▶ _Task directions_: Starting at the top of the entries below, set down every line exactly, please, until you reach the line with "Definition ket0 n", which is included too.

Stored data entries
(* For $\varepsilon\in(0,1/2)$, any quantum query algorithm that, given unitary oracles $U_\varphi,U_\psi$ preparing pure states $\ket{\varphi}=U_\varphi\ket{0}$ and $\ket{\psi}=U_\psi\ket{0}$ (with access to their inverses and controlled versions), estimates the trace distance $\mathrm{T}(\ket{\varphi},\ket{\psi})$ to within additive error $\varepsilon$ with probability at least $2/3$ (for all such inputs) has query complexity $\Omega(1/\varepsilon)$.
   Context: For pure states, $\mathrm{T}(\ket{\varphi},\ket{\psi})=\tfrac12\operatorname{tr}\bigl|\ket{\varphi}\bra{\varphi}-\ket{\psi}\bra{\psi}\bigr|=\sqrt{1-|\braket{\varphi}{\psi}|^2}$. Query complexity is the number of applications of the oracles, their inverses, or controlled versions in the algorithm's circuit. *)

From HB Require Import structures.
From mathcomp Require Import all_boot all_order all_algebra.
From mathcomp Require Import reals.
From mathcomp Require Import complex mxtens.
Set Implicit Arguments. Unset Strict Implicit. Unset Printing Implicit Defensive.
Import Order.TTheory GRing.Theory Num.Theory.
Local Open Scope ring_scope.

Section QueryModel.
Variable R : rcfType.
Local Notation C := R[i].

Definition adjmx m n (A : 'M[C]_(m, n)) : 'M[C]_(n, m) := (map_mx (@conjc R) A)^T.

Definition unitary n (U : 'M[C]_n) : Prop := U *m adjmx U = 1%:M.

Definition ket0 n : 'cV[C]_n := \col_(i < n) (if val i == 0%N then 1 else 0).

Definition abs2 (z : C) : R := complex.Re z ^+ 2 + complex.Im z ^+ 2.

Definition inner_prod d (Uphi Upsi : 'M[C]_d) : C :=
  (adjmx (Uphi *m ket0 d) *m (Upsi *m ket0 d)) 0 0.

Definition trace_dist_pure d (Uphi Upsi : 'M[C]_d) : R :=
  Num.sqrt (1 - abs2 (inner_prod Uphi Upsi)).

Inductive oracle_kind := Ophi | OphiInv | Opsi | OpsiInv.

Definition oracle_mx d (Uphi Upsi : 'M[C]_d) (o : oracle_kind) : 'M[C]_d :=
  match o with
  | Ophi => Uphi | OphiInv => adjmx Uphi
  | Opsi => Upsi | OpsiInv => adjmx Upsi
  end.

Definition proj2 (c : 'I_2) : 'M[C]_2 := delta_mx c c.

(* A query (c, o) acts on  C^2 (control) (x) C^d (system) (x) C^k (workspace).
   c = true : controlled-O  = |0><0| (x) I + |1><1| (x) O  on the first two factors;
   c = false: plain O on the system register (control qubit untouched). *)
Definition query_mx d k (Uphi Upsi : 'M[C]_d) (q : bool * oracle_kind)
  : 'M[C]_(2 * d * k) :=
  let O := oracle_mx Uphi Upsi q.2 in
  (if q.1 then proj2 0 *t (1%:M : 'M[C]_d) + proj2 1 *t O
   else (1%:M : 'M[C]_2) *t O) *t (1%:M : 'M[C]_k).

Fixpoint run_state d k (Us : nat -> 'M[C]_(2 * d * k))
    (qs : nat -> bool * oracle_kind) (Uphi Upsi : 'M[C]_d) (t : nat)
    : 'cV[C]_(2 * d * k) :=
  match t with
  | 0 => Us 0%N *m ket0 _
  | t'.+1 => Us t *m (query_mx k Uphi Upsi (qs t') *m
                      run_state Us qs Uphi Upsi t')
  end.

(* Probability that the final computational-basis measurement, post-processed by
   f, yields an estimate within eps of the trace distance. *)
Definition success_prob d k (Us : nat -> 'M[C]_(2 * d * k))
    (qs : nat -> bool * oracle_kind) (f : 'I_(2 * d * k) -> R) (T : nat)
    (eps : R) (Uphi Upsi : 'M[C]_d) : R :=
  \sum_(x < 2 * d * k | `|f x - trace_dist_pure Uphi Upsi| <= eps)
     abs2 (run_state Us qs Uphi Upsi T x 0).

End QueryModel.

From HB Require Import structures.
From mathcomp Require Import all_boot all_order all_algebra.
From mathcomp Require Import reals.
From mathcomp Require Import complex mxtens perm.
From mathcomp Require Import ring lra.
Set Implicit Arguments. Unset Strict Implicit. Unset Printing Implicit Defensive.
Import Order.TTheory GRing.Theory Num.Theory.
Local Open Scope ring_scope.

(* Hybrid argument.  Compare the instance U_phi = U_psi = 1 (trace distance 0)
   with U_phi = 1, U_psi = W := a + i b K, where K swaps |0> and |1> and
   a = sqrt (1 - b^2): W is unitary and <0|W|0> = a, so the trace distance is b.
   Every oracle O of the second instance is unitary with O + O^* = 2c for some
   a <= c <= 1, hence (1 - O)^* (1 - O) = 2 - 2c, and each (controlled) query
   moves a state by at most sqrt (2 - 2a) <= 2b: after T queries the final
   states of the two runs are within 2bT.  If the algorithm succeeds on both
   instances and b > 2 eps, the two acceptance regions are disjoint, which
   forces the final states to be at distance at least 1/5.  Hence
   T >= 1 / (10 b), and b = eps (3 - 2 eps) gives T >= 1 / (30 eps). *)

Section Adjoint.
Context {R : rcfType}.
Local Notation C := R[i].

Lemma adjmxM m n p (A : 'M[C]_(m, n)) (B : 'M[C]_(n, p)) :
  adjmx (A *m B) = adjmx B *m adjmx A.
Proof. by rewrite /adjmx map_mxM trmx_mul. Qed.

Lemma adjmxD m n (A B : 'M[C]_(m, n)) : adjmx (A + B) = adjmx A + adjmx B.
Proof. by rewrite /adjmx map_mxD linearD. Qed.

Lemma adjmxB m n (A B : 'M[C]_(m, n)) : adjmx (A - B) = adjmx A - adjmx B.
Proof. by rewrite /adjmx map_mxB linearB. Qed.

Lemma adjmxZ m n (c : C) (A : 'M[C]_(m, n)) : adjmx (c *: A) = (c^*)%C *: adjmx A.
Proof. by rewrite /adjmx map_mxZ linearZ. Qed.

Lemma adjmx_scalar n (c : C) : adjmx (c%:M : 'M[C]_n) = (c^*)%C%:M.
Proof. by rewrite /adjmx map_scalar_mx tr_scalar_mx. Qed.

Lemma adjmxK m n (A : 'M[C]_(m, n)) : adjmx (adjmx A) = A.
Proof. by apply/matrixP=> i j; rewrite !mxE conjcK. Qed.

Lemma adjmxT m n p q (A : 'M[C]_(m, n)) (B : 'M[C]_(p, q)) :
  adjmx (A *t B) = adjmx A *t adjmx B.
Proof. by rewrite /adjmx map_mxT trmx_tens. Qed.

Lemma tensmxDl m n p q (A B : 'M[C]_(m, n)) (D : 'M[C]_(p, q)) :
  (A + B) *t D = A *t D + B *t D.
Proof. by apply/matrixP=> i j; rewrite !mxE mulrDl. Qed.

Lemma tensmxBl m n p q (A B : 'M[C]_(m, n)) (D : 'M[C]_(p, q)) :
  (A - B) *t D = A *t D - B *t D.
Proof. by apply/matrixP=> i j; rewrite !mxE mulrBl. Qed.

Lemma tensmxBr m n p q (A : 'M[C]_(m, n)) (B D : 'M[C]_(p, q)) :
  A *t (B - D) = A *t B - A *t D.
Proof. by apply/matrixP=> i j; rewrite !mxE mulrBr. Qed.

Lemma tensmxZl m n p q c (A : 'M[C]_(m, n)) (D : 'M[C]_(p, q)) :
  (c *: A) *t D = c *: (A *t D).
Proof. by apply/matrixP=> i j; rewrite !mxE mulrA. Qed.

Lemma tensmxZr m n p q c (A : 'M[C]_(m, n)) (D : 'M[C]_(p, q)) :
  A *t (c *: D) = c *: (A *t D).
Proof. by apply/matrixP=> i j; rewrite !mxE mulrCA. Qed.

Lemma tensmx11 m n : (1%:M : 'M[C]_m) *t (1%:M : 'M[C]_n) = 1%:M.
Proof.
apply/matrixP=> i j.
case: (mxtens_indexP i)=> i0 i1; case: (mxtens_indexP j)=> j0 j1.
rewrite tensmxE !mxE -natrM; congr (_%:R).
by rewrite -!val_eqE /= eq_addl_mul ?ltn_ord // xpair_eqE mulnb.
Qed.

Lemma unitary_adjmx_mul n (U : 'M[C]_n) : unitary U -> adjmx U *m U = 1%:M.
Proof. exact: mulmx1C. Qed.

Lemma unitary_adjmx n (U : 'M[C]_n) : unitary U -> unitary (adjmx U).
Proof. by move=> /unitary_adjmx_mul; rewrite /unitary adjmxK. Qed.

Lemma unitary1 n : unitary (1%:M : 'M[C]_n).
Proof. by rewrite /unitary adjmx_scalar conjc1 mulmx1. Qed.

Lemma unitaryT m n (A : 'M[C]_m) (B : 'M[C]_n) :
  unitary A -> unitary B -> unitary (A *t B).
Proof. by move=> UA UB; rewrite /unitary adjmxT tensmx_mul UA UB tensmx11. Qed.

Definition projector n (P : 'M[C]_n) := adjmx P = P /\ P *m P = P.

Lemma projector1 n : projector (1%:M : 'M[C]_n).
Proof. by rewrite /projector adjmx_scalar conjc1 mulmx1. Qed.

Lemma projectorC n (P : 'M[C]_n) : projector P -> projector (1%:M - P).
Proof.
case=> adjP PP; split; first by rewrite adjmxB adjmx_scalar conjc1 adjP.
by rewrite mulmxBl mul1mx mulmxBr mulmx1 PP subrr subr0.
Qed.

Lemma projectorT m n (P : 'M[C]_m) (Q : 'M[C]_n) :
  projector P -> projector Q -> projector (P *t Q).
Proof. by case=> adjP PP [adjQ QQ]; rewrite /projector adjmxT tensmx_mul adjP adjQ PP QQ. Qed.

End Adjoint.

Section Norm.
Context {R : rcfType}.
Local Notation C := R[i].

Definition nrm2 N (v : 'cV[C]_N) : R := \sum_i abs2 (v i 0).

Lemma abs2_ge0 (z : C) : 0 <= abs2 z.
Proof. by rewrite addr_ge0 ?sqr_ge0. Qed.

Lemma nrm2_ge0 N (v : 'cV[C]_N) : 0 <= nrm2 v.
Proof. by apply: sumr_ge0 => i _; apply: abs2_ge0. Qed.

Lemma nrm2_mx N (v : 'cV[C]_N) : ((nrm2 v)%:C)%C = (adjmx v *m v) 0 0.
Proof.
rewrite mxE rmorph_sum; apply: eq_bigr => i _; rewrite !mxE.
by case: (v i 0) => x y; rewrite /abs2 /=; simpc; congr (_ +i* _)%C; ring.
Qed.

Lemma nrm2E N (v : 'cV[C]_N) : nrm2 v = complex.Re ((adjmx v *m v) 0 0).
Proof. by rewrite -nrm2_mx. Qed.

Lemma nrm2_unitary N (U : 'M[C]_N) v : unitary U -> nrm2 (U *m v) = nrm2 v.
Proof.
move=> /unitary_adjmx_mul UU.
by rewrite !nrm2E adjmxM -mulmxA (mulmxA (adjmx U)) UU mul1mx.
Qed.

Lemma nrm2_projector N (P : 'M[C]_N) v :
  projector P -> ((nrm2 (P *m v))%:C)%C = (adjmx v *m (P *m v)) 0 0.
Proof. by case=> adjP PP; rewrite nrm2_mx adjmxM adjP -mulmxA (mulmxA P) PP. Qed.

Lemma nrm2_projector_le N (P : 'M[C]_N) v : projector P -> nrm2 (P *m v) <= nrm2 v.
Proof.
move=> prP; have prQ := projectorC prP.
suff -> : nrm2 v = nrm2 (P *m v) + nrm2 ((1%:M - P) *m v) by rewrite lerDl nrm2_ge0.
apply: (@complexI R); rewrite rmorphD /= !nrm2_projector // nrm2_mx.
have {2}-> : v = P *m v + (1%:M - P) *m v by rewrite -mulmxDl addrC subrK mul1mx.
by rewrite mulmxDr mxE.
Qed.

Lemma nrm2_scaled_projector N (D Pi : 'M[C]_N) (g : R) (x : 'cV[C]_N) :
  projector Pi -> 0 <= g -> adjmx D *m D = (g%:C)%C *: Pi ->
  nrm2 (D *m x) <= g * nrm2 x.
Proof.
move=> prPi g_ge0 DD.
have -> : nrm2 (D *m x) = g * nrm2 (Pi *m x).
  apply: (@complexI R); rewrite rmorphM /= (nrm2_projector x prPi) nrm2_mx adjmxM.
  by rewrite -mulmxA (mulmxA (adjmx D)) DD -scalemxAl -scalemxAr mxE.
by rewrite ler_wpM2l // nrm2_projector_le.
Qed.

Definition redot N (u v : 'cV[C]_N) : R :=
  \sum_i (complex.Re (u i 0) * complex.Re (v i 0) + complex.Im (u i 0) * complex.Im (v i 0)).

Lemma nrm2_addZ N (u v : 'cV[C]_N) (t : R) :
  nrm2 (u + (t%:C)%C *: v) = nrm2 u + 2 * t * redot u v + t ^+ 2 * nrm2 v.
Proof.
rewrite /nrm2 /redot !mulr_sumr -!big_split; apply: eq_bigr => i _ /=; rewrite !mxE.
by case: (u i 0) (v i 0) => [a b] [c d]; rewrite /abs2; simpc => /=; ring.
Qed.

Lemma quadratic_ge0_discr (A B D : R) : 0 <= D ->
  (forall t, 0 <= A + 2 * t * B + t ^+ 2 * D) -> B ^+ 2 <= A * D.
Proof.
move=> D_ge0 h; have [D0|D_neq0] := eqVneq D 0.
  have [B0|B_neq0] := eqVneq B 0; first by rewrite B0 D0 expr0n mulr0.
  have := h (- (A + 1) / (2 * B)); rewrite D0 mulr0 addr0.
  have -> : A + 2 * (- (A + 1) / (2 * B)) * B = -1 by field; rewrite B_neq0.
  lra.
have := h (- B / D).
have -> : A + 2 * (- B / D) * B + (- B / D) ^+ 2 * D = A - B ^+ 2 / D by field.
by rewrite subr_ge0 ler_pdivrMr // lt_def D_neq0.
Qed.

Lemma redot_CauchySchwarz N (u v : 'cV[C]_N) : redot u v ^+ 2 <= nrm2 u * nrm2 v.
Proof.
apply: quadratic_ge0_discr (nrm2_ge0 v) _ => t.
by rewrite -nrm2_addZ nrm2_ge0.
Qed.

Definition nrm N (v : 'cV[C]_N) : R := Num.sqrt (nrm2 v).

Lemma nrm_ge0 N (v : 'cV[C]_N) : 0 <= nrm v.
Proof. exact: sqrtr_ge0. Qed.

Lemma sqr_nrm N (v : 'cV[C]_N) : nrm v ^+ 2 = nrm2 v.
Proof. by rewrite sqr_sqrtr ?nrm2_ge0. Qed.

Lemma nrmD N (u v : 'cV[C]_N) : nrm (u + v) <= nrm u + nrm v.
Proof.
have CS := redot_CauchySchwarz u v; rewrite -!sqr_nrm -exprMn in CS.
have uv_ge0 : 0 <= nrm u * nrm v by rewrite mulr_ge0 ?nrm_ge0.
have redot_le : redot u v <= nrm u * nrm v by nra.
have := nrm2_addZ u v 1; rewrite rmorph1 scale1r -!sqr_nrm.
have := nrm_ge0 u; have := nrm_ge0 v; have := nrm_ge0 (u + v); nra.
Qed.

Lemma nrm_unitary N (U : 'M[C]_N) v : unitary U -> nrm (U *m v) = nrm v.
Proof. by move=> UU; rewrite /nrm nrm2_unitary. Qed.

Definition mask N (P : pred 'I_N) (v : 'cV[C]_N) : 'cV[C]_N :=
  \col_i (if P i then v i 0 else 0).

Lemma maskB N (P : pred 'I_N) (u v : 'cV[C]_N) : mask P (u - v) = mask P u - mask P v.
Proof. by apply/colP => i; rewrite !mxE; case: (P i); rewrite ?subr0. Qed.

Lemma nrm2_mask N (P : pred 'I_N) (v : 'cV[C]_N) :
  nrm2 (mask P v) = \sum_(i | P i) abs2 (v i 0).
Proof.
rewrite /nrm2 [RHS]big_mkcond; apply: eq_bigr => i _; rewrite mxE.
by case: (P i); rewrite // /abs2 expr0n addr0.
Qed.

Lemma nrm2_mask_disjoint N (P Q : pred 'I_N) (v : 'cV[C]_N) : [disjoint P & Q] ->
  nrm2 (mask P v) + nrm2 (mask Q v) <= nrm2 v.
Proof.
move=> PQ; rewrite !nrm2_mask big_mkcond [X in _ + X]big_mkcond -big_split.
apply: ler_sum => i _; have := abs2_ge0 (v i 0).
case Pi: (P i); case Qi: (Q i) => //=; rewrite ?addr0 ?add0r //.
by move: (disjointFr PQ Pi); rewrite unfold_in Qi.
Qed.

▶ _Result of this task_:
(* For $\varepsilon\in(0,1/2)$, any quantum query algorithm that, given unitary oracles $U_\varphi,U_\psi$ preparing pure states $\ket{\varphi}=U_\varphi\ket{0}$ and $\ket{\psi}=U_\psi\ket{0}$ (with access to their inverses and controlled versions), estimates the trace distance $\mathrm{T}(\ket{\varphi},\ket{\psi})$ to within additive error $\varepsilon$ with probability at least $2/3$ (for all such inputs) has query complexity $\Omega(1/\varepsilon)$.
   Context: For pure states, $\mathrm{T}(\ket{\varphi},\ket{\psi})=\tfrac12\operatorname{tr}\bigl|\ket{\varphi}\bra{\varphi}-\ket{\psi}\bra{\psi}\bigr|=\sqrt{1-|\braket{\varphi}{\psi}|^2}$. Query complexity is the number of applications of the oracles, their inverses, or controlled versions in the algorithm's circuit. *)

From HB Require Import structures.
From mathcomp Require Import all_boot all_order all_algebra.
From mathcomp Require Import reals.
From mathcomp Require Import complex mxtens.
Set Implicit Arguments. Unset Strict Implicit. Unset Printing Implicit Defensive.
Import Order.TTheory GRing.Theory Num.Theory.
Local Open Scope ring_scope.

Section QueryModel.
Variable R : rcfType.
Local Notation C := R[i].

Definition adjmx m n (A : 'M[C]_(m, n)) : 'M[C]_(n, m) := (map_mx (@conjc R) A)^T.

Definition unitary n (U : 'M[C]_n) : Prop := U *m adjmx U = 1%:M.

Definition ket0 n : 'cV[C]_n := \col_(i < n) (if val i == 0%N then 1 else 0).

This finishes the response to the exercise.